森林管理の仕事をしている古い友人は、年に数回、山に供え物をする。
供えるのは串団子で、古くからの習慣だという。
朝、山に入る時、道沿いの巨木の根元に団子を3本置いていくと、夕方には串だけが残されている。
団子は特別なものではなく、最近は、コンビニで3本100円で売っているような、菓子メーカー製の団子を供えているとの事だ。
そんなものでいいのかと、こちらが心配してしまうが、供えている当の本人はそんな事に頓着しない。
そもそも、供えている相手が山の神様なのか、あるいは精霊のような存在なのか、それさえ知らずに供えているというのだから、もはや有難みも何もない。
供えて何を祈るかと思えば、取り立てて祈りもせず、「はい、どうぞ」と、その一言だけを心のうちで、そっと添えるのだという。

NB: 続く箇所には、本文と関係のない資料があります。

(* Let $n,d\ge 0$ be integers and let $G\subseteq\mathbb{N}$ be infinite (so $G\approx\omega$). Then there exists $H\subseteq\omega^d$ with $H\approx\omega^d$ such that every $e\in\binom{H}{n}$ satisfies some coloring rule on $\binom{\omega^d}{n}$, and every coefficient of every element of $e$ lies in $G$.
   Context: Ordinals are identified with the sets of smaller ordinals; $\approx$ is order-equivalence; $\binom{S}{n}$ is the set of $n$-element subsets of $S$. Every $\beta<\omega^d\cdot k$ ($d,k\ge0$) is uniquely written $\beta=\omega^d\cdot b+\omega^{d-1}a_{d-1}+\cdots+\omega a_1+a_0$ with $0\le b<k$, $a_j\in\mathbb{N}$; the numbers $a_0,\dots,a_{d-1}$ are called the coefficients of $\beta$; here $\omega^d=\omega^d\cdot1$. A coloring rule (CR) on $\binom{\omega^d\cdot k}{n}$ is a pair $(\mathcal{Y},\preceq)$ with $\mathcal{Y}:\{1,\dots,n\}\to\{0,\dots,k-1\}$ and $\preceq$ a total preorder on $I=\{(i,j):1\le i\le n,0\le j<d\}$ (write $\equiv$ for the induced equivalence and $\prec$ for the strict part) such that: (1) if $d\ge1$, $(i,0)\prec(i',0)$ for $i<i'$; if $d=0$, $\mathcal{Y}(i)<\mathcal{Y}(i')$ for $i<i'$; (2) $(i,j)\equiv(i',j)$ for some $j$ implies $\mathcal{Y}(i)=\mathcal{Y}(i')$; (3) $(i,j)\prec(i,j')$ for $j>j'$; (4) $(i,j)\equiv(i',j')$ implies $j=j'$; (5) for $j>0$, $(i,j)\not\equiv(i',j)$ implies $(i,j-1)\not\equiv(i',j-1)$. An edge $e\in\binom{\omega^d\cdot k}{n}$ satisfies the CR $(\mathcal{Y},\preceq)$ if its elements can be enumerated as $p_i=\omega^d b_i+\sum_{j<d}\omega^j a_{i,j}$ ($1\le i\le n$) so that $b_i=\mathcal{Y}(i)$ for all $i$ and $(i,j)\preceq(i',j')\iff a_{i,j}\le a_{i',j'}$ for all $(i,j),(i',j')\in I$. *)

From mathcomp Require Import all_boot.
Set Implicit Arguments. Unset Strict Implicit. Unset Printing Implicit Defensive.

(* An ordinal beta < omega^d * k, written
   beta = omega^d * b + omega^(d-1) a_(d-1) + ... + a_0,
   is represented by the pair (b, a) with b : 'I_k and a j = a_j (j < d).
   This is a bijective representation (Cantor normal form). *)
Definition ordlt (d k : nat) := ('I_k * {ffun 'I_d -> nat})%type.

Definition olt (d k : nat) (x y : ordlt d k) : Prop :=
  (x.1 < y.1)%N \/
  (x.1 = y.1 /\ exists j : 'I_d, (x.2 j < y.2 j)%N /\
                 forall j' : 'I_d, (j < j')%N -> x.2 j' = y.2 j').

Definition order_equiv_full (d k : nat) (H : ordlt d k -> Prop) : Prop :=
  exists f : ordlt d k -> ordlt d k,
    (forall x, H (f x)) /\ (forall y, H y -> exists x, f x = y) /\
    (forall x y, olt x y <-> olt (f x) (f y)).

Definition is_nsubset (d k n : nat) (H : ordlt d k -> Prop) (e : seq (ordlt d k)) :=
  [/\ uniq e, size e = n & forall x, x \in e -> H x].

(* Coloring rule (Y, le) on [omega^d * k]^n; indices i in 1..n are shifted to
   'I_n (0..n-1); I = 'I_n * 'I_d; le is the preorder on I. *)
Definition is_CR (n d k : nat) (Y : 'I_n -> 'I_k)
    (le : 'I_n * 'I_d -> 'I_n * 'I_d -> bool) : Prop :=
  let eqv u v := le u v && le v u in
  let lt u v := le u v && ~~ le v u in
  (forall u v, le u v || le v u) /\
  (forall u v w, le u v -> le v w -> le u w) /\
  ((0 < d)%N -> forall (j : 'I_d) (i i' : 'I_n), val j = 0 -> (i < i')%N ->
      lt (i, j) (i', j)) /\
  (d = 0 -> forall i i' : 'I_n, (i < i')%N -> (Y i < Y i')%N) /\
  (forall (i i' : 'I_n) (j : 'I_d), eqv (i, j) (i', j) -> Y i = Y i') /\
  (forall (i : 'I_n) (j j' : 'I_d), (j' < j)%N -> lt (i, j) (i, j')) /\
  (forall (i i' : 'I_n) (j j' : 'I_d), eqv (i, j) (i', j') -> j = j') /\
  (forall (i i' : 'I_n) (j j1 : 'I_d), val j = (val j1).+1 ->
      ~~ eqv (i, j) (i', j) -> ~~ eqv (i, j1) (i', j1)).

Definition satisfies_CR (n d k : nat) (e : seq (ordlt d k)) (Y : 'I_n -> 'I_k)
    (le : 'I_n * 'I_d -> 'I_n * 'I_d -> bool) : Prop :=
  exists p : 'I_n -> ordlt d k,
    perm_eq e [seq p i | i <- enum 'I_n] /\
    (forall i, (p i).1 = Y i) /\
    (forall (u v : 'I_n * 'I_d), le u v = ((p u.1).2 u.2 <= (p v.1).2 v.2)%N).

Definition infinite_nat_set (G : nat -> Prop) : Prop :=
  forall m, exists g, (m <= g)%N /\ G g.

From mathcomp Require Import all_boot zify.
From Stdlib Require Import ClassicalEpsilon.
Set Implicit Arguments. Unset Strict Implicit. Unset Printing Implicit Defensive.

(* Enumerate G increasingly by g and send a point with coefficients
   (a_0, ..., a_(d-1)) to the point whose j-th coefficient is g applied to an
   injective code of the list (a_j, ..., a_(d-1)).  With the code
   [x :: s] = 2^[s] (2x + 1), the coefficients of the image lie in G, the map
   preserves the ordinal order, and on its image a coefficient with a larger
   index codes a shorter list, hence is smaller (rule (3)); equal coefficients
   code equal lists, hence have equal index (rule (4)) and equal tails
   (rule (5)); and the coefficient at index 0 codes the whole point, so
   sorting an edge by it gives rule (1).  The preorder of the rule is then
   simply the comparison of coefficients. *)

Fixpoint code (s : seq nat) : nat :=
  if s is x :: s' then 2 ^ code s' * (2 * x + 1) else 0.

Lemma pow2_odd_inj a a' x x' :
  2 ^ a * (2 * x + 1) = 2 ^ a' * (2 * x' + 1) -> a = a' /\ x = x'.
Proof.
elim: a a' => [|a IHa] [|a'] /=; rewrite ?expn0 ?mul1n ?expnS -?mulnA.
- by move=> E; split; lia.
- by set t := _ * _; lia.
- by set t := _ * _; lia.
- by move=> E; have [-> ->] : a = a' /\ x = x' by apply: IHa; lia.
Qed.

Lemma code_inj : injective code.
Proof.
elim=> [|x s IHs] [|y t] //=.
- by move=> E; have := muln_gt0 (2 ^ code t) (2 * y + 1); rewrite -E expn_gt0 addn1.
- by move=> E; have := muln_gt0 (2 ^ code s) (2 * x + 1); rewrite E expn_gt0 addn1.
- by case/pow2_odd_inj => /IHs -> ->.
Qed.

Lemma ltn_code_cons x s : code s < code (x :: s).
Proof.
by rewrite /= (leq_trans (ltn_expl _ (ltnSn 1))) // leq_pmulr // addn1.
Qed.

Lemma ltn_code_head x y s : x < y -> code (x :: s) < code (y :: s).
Proof. by move=> lt_xy; rewrite /= ltn_pmul2l ?expn_gt0 //; lia. Qed.

Lemma leq_code_drop k s : code (drop k s) <= code s.
Proof.
elim: s k => [|x s IHs] [|k] //=.
exact: leq_trans (IHs k) (ltnW (ltn_code_cons x s)).
Qed.

Lemma codom_nth d (a : {ffun 'I_d -> nat}) (j : 'I_d) : nth 0 (codom a) j = a j.
Proof. by rewrite codomE (nth_map j) ?size_enum_ord // nth_ord_enum. Qed.

Section Coefficients.
Variable d : nat.
Implicit Types (a b : {ffun 'I_d -> nat}).

Definition coef_suffix a (j : nat) : seq nat := drop j (codom a).

Lemma size_coef_suffix a j : size (coef_suffix a j) = d - j.
Proof. by rewrite size_drop size_codom card_ord. Qed.

Lemma coef_suffix_cons a (j : 'I_d) :
  coef_suffix a j = a j :: coef_suffix a j.+1.
Proof. by rewrite /coef_suffix (drop_nth 0) ?codom_nth // size_codom card_ord. Qed.

Lemma coef_suffix_behead a j : coef_suffix a j.+1 = behead (coef_suffix a j).
Proof. by rewrite /coef_suffix -drop1 drop_drop. Qed.

Lemma eq_coef_suffix a b j :
  (forall j' : 'I_d, j <= j' -> a j' = b j') -> coef_suffix a j = coef_suffix b j.
Proof.
move=> eq_ab; apply: (@eq_from_nth _ 0) => [|i]; rewrite !size_coef_suffix //.
move=> lt_i; rewrite !nth_drop.
have lt_ji : j + i < d by lia.
by rewrite -[j + i]/(val (Ordinal lt_ji)) !codom_nth eq_ab //= leq_addr.
Qed.

Lemma coef_suffix_eq_ord a b (j j' : 'I_d) :
  coef_suffix a j = coef_suffix b j' -> j = j'.
Proof.
move/(congr1 size); rewrite !size_coef_suffix => E; apply: ord_inj.
by have := ltn_ord j; have := ltn_ord j'; lia.
Qed.

Definition colex_lt a b : Prop :=
  exists j : 'I_d, a j < b j /\ forall j' : 'I_d, j < j' -> a j' = b j'.

Lemma colex_asym a b : colex_lt a b -> ~ colex_lt b a.
Proof.
case=> j [lt_ab eq_ab] [j' [lt_ba eq_ba]].
case: (ltngtP j j') => [lt_jj'|lt_j'j|/val_inj eq_jj'].
- by move: lt_ba; rewrite eq_ab ?ltnn.
- by move: lt_ab; rewrite eq_ba ?ltnn.
- by move: lt_ab; rewrite eq_jj' ltnNge ltnW.
Qed.

Lemma colex_irr a : ~ colex_lt a a.
Proof. by move=> lt_aa; exact: (colex_asym lt_aa lt_aa). Qed.

Lemma colex_total a b : a <> b -> colex_lt a b \/ colex_lt b a.
Proof.
move=> neq_ab.
have [j0 neq_j0] : exists j0, a j0 != b j0.
  apply/existsP; apply: contraT; rewrite negb_exists => /forallP eq_ab.
  by case: neq_ab; apply/ffunP => j; apply/eqP/negPn/eq_ab.
case: (@arg_maxnP _ j0 (fun j => a j != b j) (fun j : 'I_d => val j) neq_j0)
  => j neq_j max_j.
have eq_above (j' : 'I_d) : j < j' -> a j' = b j'.
  by move=> lt_jj'; apply/eqP/contraT => /max_j /=; rewrite leqNgt lt_jj'.
case: (ltngtP (a j) (b j)) => [lt_ab|lt_ba|eq_abj].
- by left; exists j.
- by right; exists j; split=> // j' /eq_above.
- by move: neq_j; rewrite eq_abj eqxx.
Qed.

End Coefficients.

Lemma olt_colex d (x y : ordlt d 1) : olt x y <-> colex_lt x.2 y.2.
Proof.
case: x y => [x1 a] [y1 b]; rewrite /olt /= !ord1 ltnn.
by split=> [[//|[_ lt_ab]]|lt_ab]; [exact: lt_ab | right].
Qed.

Lemma code_coef_suffix_ltn d (a : {ffun 'I_d -> nat}) (j : 'I_d) j' :
  j < j' -> code (coef_suffix a j') < code (coef_suffix a j).
Proof.
move=> lt_jj'; rewrite coef_suffix_cons; apply: leq_ltn_trans (ltn_code_cons _ _).
by rewrite /coef_suffix -(subnK lt_jj') -drop_drop leq_code_drop.
Qed.

Section Encode.
Variables (d : nat) (g : nat -> nat).
Hypothesis g_incr : {homo g : m n / m < n}.
Implicit Types (a b : {ffun 'I_d -> nat}).

Let g_mono : {mono g : m n / m < n} := leqW_mono (leq_mono g_incr).
Let g_inj : injective g := incn_inj (leq_mono g_incr).

Definition encode a : {ffun 'I_d -> nat} :=
  [ffun j : 'I_d => g (code (coef_suffix a j))].

Lemma encode_decreasing a (j j' : 'I_d) : j < j' -> encode a j' < encode a j.
Proof. by move=> lt_jj'; rewrite !ffunE g_mono code_coef_suffix_ltn. Qed.

Lemma encode_eq a b j j' :
  encode a j = encode b j' -> coef_suffix a j = coef_suffix b j'.
Proof. by rewrite !ffunE => /g_inj/code_inj. Qed.

Lemma encode_level a b (j j' : 'I_d) : encode a j = encode b j' -> j = j'.
Proof. by move/encode_eq/coef_suffix_eq_ord. Qed.

Lemma encode_succ a b (j j1 : 'I_d) :
  j = j1.+1 :> nat -> encode a j1 = encode b j1 -> encode a j = encode b j.
Proof.
by move=> j_j1 /encode_eq eq_j1; rewrite !ffunE j_j1 !coef_suffix_behead eq_j1.
Qed.

Lemma encode_colex_mono a b : colex_lt a b -> colex_lt (encode a) (encode b).
Proof.
case=> j [lt_ab eq_ab]; exists j; split.
  by rewrite !ffunE g_mono !coef_suffix_cons (eq_coef_suffix eq_ab) ltn_code_head.
move=> j' lt_jj'; rewrite !ffunE (@eq_coef_suffix _ a b j') // => j'' le_j'j''.
by apply: eq_ab; exact: leq_trans le_j'j''.
Qed.

Lemma encode_colex a b : colex_lt (encode a) (encode b) <-> colex_lt a b.
Proof.
split=> [lt_ab|]; last exact: encode_colex_mono.
have [eq_ab|/eqP neq_ab] := eqVneq a b.
  by rewrite eq_ab in lt_ab; case: (colex_irr lt_ab).
case: (colex_total neq_ab) => // /encode_colex_mono lt_ba.
by case: (colex_asym lt_ab lt_ba).
Qed.

End Encode.

Lemma sorted_enumeration (T : eqType) (key : T -> nat) n (e : seq T) :
  uniq e -> size e = n -> {in e &, injective key} ->
  exists p : 'I_n -> T, perm_eq e [seq p i | i <- enum 'I_n] /\
    forall i i' : 'I_n, i < i' -> key (p i) < key (p i').
Proof.
move=> e_uniq e_size key_inj.
pose s := sort (relpre key leq) e.
have s_size : size s == n by rewrite size_sort e_size.
have e_s : perm_eq e s by rewrite perm_sym perm_sort.
exists (tnth (Tuple s_size)); split; first by rewrite map_tnth_enum.
move=> i i' lt_ii'; have x0 : T := tnth (Tuple s_size) i.
rewrite !(tnth_nth x0) /=.
have s_sorted : sorted (relpre key leq) s.
  by apply: sort_sorted => x y; exact: leq_total.
have le_key : key (nth x0 s i) <= key (nth x0 s i').
  apply: (sorted_ltn_nth (leT := relpre key leq)); rewrite ?inE ?(eqP s_size) //.
  by move=> y x z; exact: leq_trans.
have s_mem k : k < n -> nth x0 s k \in e.
  by rewrite (perm_mem e_s) -(eqP s_size); exact: mem_nth.
rewrite ltn_neqAle le_key andbT; apply: contraTneq lt_ii' => /key_inj eq_nth.
have /eqP : nth x0 s i = nth x0 s i' by apply: eq_nth; exact: s_mem.
by rewrite nth_uniq ?(eqP s_size) ?sort_uniq // => /eqP ->; rewrite ltnn.
Qed.

Definition value_le n d (p : 'I_n -> ordlt d 1) (u v : 'I_n * 'I_d) : bool :=
  (p u.1).2 u.2 <= (p v.1).2 v.2.

Lemma value_le_satisfies_CR n d (e : seq (ordlt d 1)) (p : 'I_n -> ordlt d 1) :
  perm_eq e [seq p i | i <- enum 'I_n] -> satisfies_CR e (fun=> ord0) (value_le p).
Proof. by move=> e_p; exists p; split=> //; split=> [i|//]; rewrite ord1. Qed.

Lemma leq_andNgeq m n : (m <= n) && ~~ (n <= m) = (m < n).
Proof. by rewrite -ltnNge andb_idl // => /ltnW. Qed.

Section ColoringRule.
Variables (d : nat) (S : {ffun 'I_d -> nat} -> Prop).
Hypothesis S_decreasing : forall a (j j' : 'I_d), S a -> j < j' -> a j' < a j.
Hypothesis S_level : forall a b (j j' : 'I_d), S a -> S b -> a j = b j' -> j = j'.
Hypothesis S_succ : forall a b (j j1 : 'I_d), S a -> S b ->
  val j = (val j1).+1 -> a j1 = b j1 -> a j = b j.

Definition head_coef (a : {ffun 'I_d -> nat}) : nat := nth 0 (codom a) 0.

Lemma head_coefE a (j : 'I_d) : val j = 0 -> head_coef a = a j.
Proof. by case: j => -[|//] lt_0d _; rewrite -codom_nth. Qed.

Lemma head_coef0 a : d = 0 -> head_coef a = 0.
Proof. by move=> d0; rewrite /head_coef nth_default // size_codom card_ord d0. Qed.

Lemma S_head_coef_inj a b : S a -> S b -> head_coef a = head_coef b -> a = b.
Proof.
move=> Sa Sb eq_head; apply/ffunP => -[j lt_jd].
elim: j lt_jd => [lt_0d|j IHj lt_jd]; first by rewrite -!codom_nth.
by apply: (S_succ (j1 := Ordinal (ltnW lt_jd))) => //=; exact: IHj.
Qed.

Lemma edge_satisfies_CR n (e : seq (ordlt d 1)) :
  uniq e -> size e = n -> (forall x, x \in e -> S x.2) ->
  exists (Y : 'I_n -> 'I_1) (le : 'I_n * 'I_d -> 'I_n * 'I_d -> bool),
    is_CR Y le /\ satisfies_CR e Y le.
Proof.
move=> e_uniq e_size eS.
have key_inj : {in e &, injective (fun x : ordlt d 1 => head_coef x.2)}.
  move=> [x1 a] [y1 b] /eS Sa /eS Sb /(S_head_coef_inj Sa Sb) /= ->.
  by rewrite !ord1.
have [p [e_p p_incr]] := sorted_enumeration e_uniq e_size key_inj.
have pS i : S (p i).2 by apply: eS; rewrite (perm_mem e_p) map_f ?mem_enum.
exists (fun=> ord0), (value_le p); split; last exact: value_le_satisfies_CR.
rewrite /is_CR /value_le; split; first by move=> u v; exact: leq_total.
split; first by move=> u v w; exact: leq_trans.
split.
  move=> _ j i i' j0 lt_ii'; rewrite /= leq_andNgeq.
  by move: (p_incr i i' lt_ii'); rewrite !(head_coefE _ j0).
split.
  by move=> d0 i i' /p_incr; rewrite !head_coef0.
split; first by [].
split; first by move=> i j j' lt_j'j; rewrite /= leq_andNgeq S_decreasing.
split; first by move=> i i' j j' /=; rewrite -eqn_leq => /eqP /S_level; apply.
move=> i i' j j1 j_j1 /=; rewrite -!eqn_leq; apply: contra => /eqP eq_j1.
by rewrite (S_succ _ _ j_j1 eq_j1).
Qed.

End ColoringRule.

Lemma infinite_nat_set_incr (G : nat -> Prop) : infinite_nat_set G ->
  exists g : nat -> nat, {homo g : m n / m < n} /\ forall m, G (g m).
Proof.
move=> /choice [next next_spec].
pose g m := iter m (fun x => next x.+1) (next 0).
exists g; split; last by case=> [|m]; exact: (next_spec _).2.
by apply: homo_ltn => [|m]; [exact: ltn_trans | exact: (next_spec _).1].
Qed.

Theorem lemma8p2 (n d : nat) (G : nat -> Prop) :
  infinite_nat_set G ->
  exists H : ordlt d 1 -> Prop,
    order_equiv_full H /\
    forall e : seq (ordlt d 1), is_nsubset n H e ->
      (exists (Y : 'I_n -> 'I_1) (le : 'I_n * 'I_d -> 'I_n * 'I_d -> bool),
          is_CR Y le /\ satisfies_CR e Y le) /\
      (forall x, x \in e -> forall j : 'I_d, G (x.2 j)).
Proof.
move=> /infinite_nat_set_incr [g [g_incr gG]].
pose S (a : {ffun 'I_d -> nat}) := exists c, a = encode g c.
exists (fun y => S y.2); split.
  exists (fun x => (x.1, encode g x.2)); split; first by move=> x; exists x.2.
  split; first by move=> [y1 b] [c /= ->]; exists (y1, c).
  by move=> x y; rewrite !olt_colex encode_colex.
move=> e [e_uniq e_size eS]; split; last by move=> x /eS [c ->] j; rewrite ffunE.
apply: (edge_satisfies_CR (S := S)) => //.
- by move=> _ j j' [a ->]; exact: encode_decreasing.
- by move=> _ _ j j' [a ->] [b ->]; exact: encode_level.
- by move=> _ _ j j1 [a ->] [b ->]; exact: encode_succ.
Qed.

先代から引き継ぐ時に、彼は詳しい話を聞いたはずだが、細かい事は覚えていないと、嘘か本当か判然としない顔で言う。
朝、団子を供えて夕方に串を持って帰る。
持ち帰った串は、一般ごみとして捨ててしまう。
それを年に数回繰り返す。
それだけの事だと彼は言う。
「ただな」、と笑った。
「一度だけ、串を持ち帰るのを忘れたんだ。いやもう、懲りたよ。」
串を持ち帰り忘れた翌朝、玄関を出て、鍵をかけようとした時、鍵穴に竹串らしきものが、ぐちゃぐちゃに差し込まれているのに気付いたのだという。
鍵は交換せざるを得ず、かなり痛い出費となった。
その後、どんなにせがんでも、この話だけはしてくれない。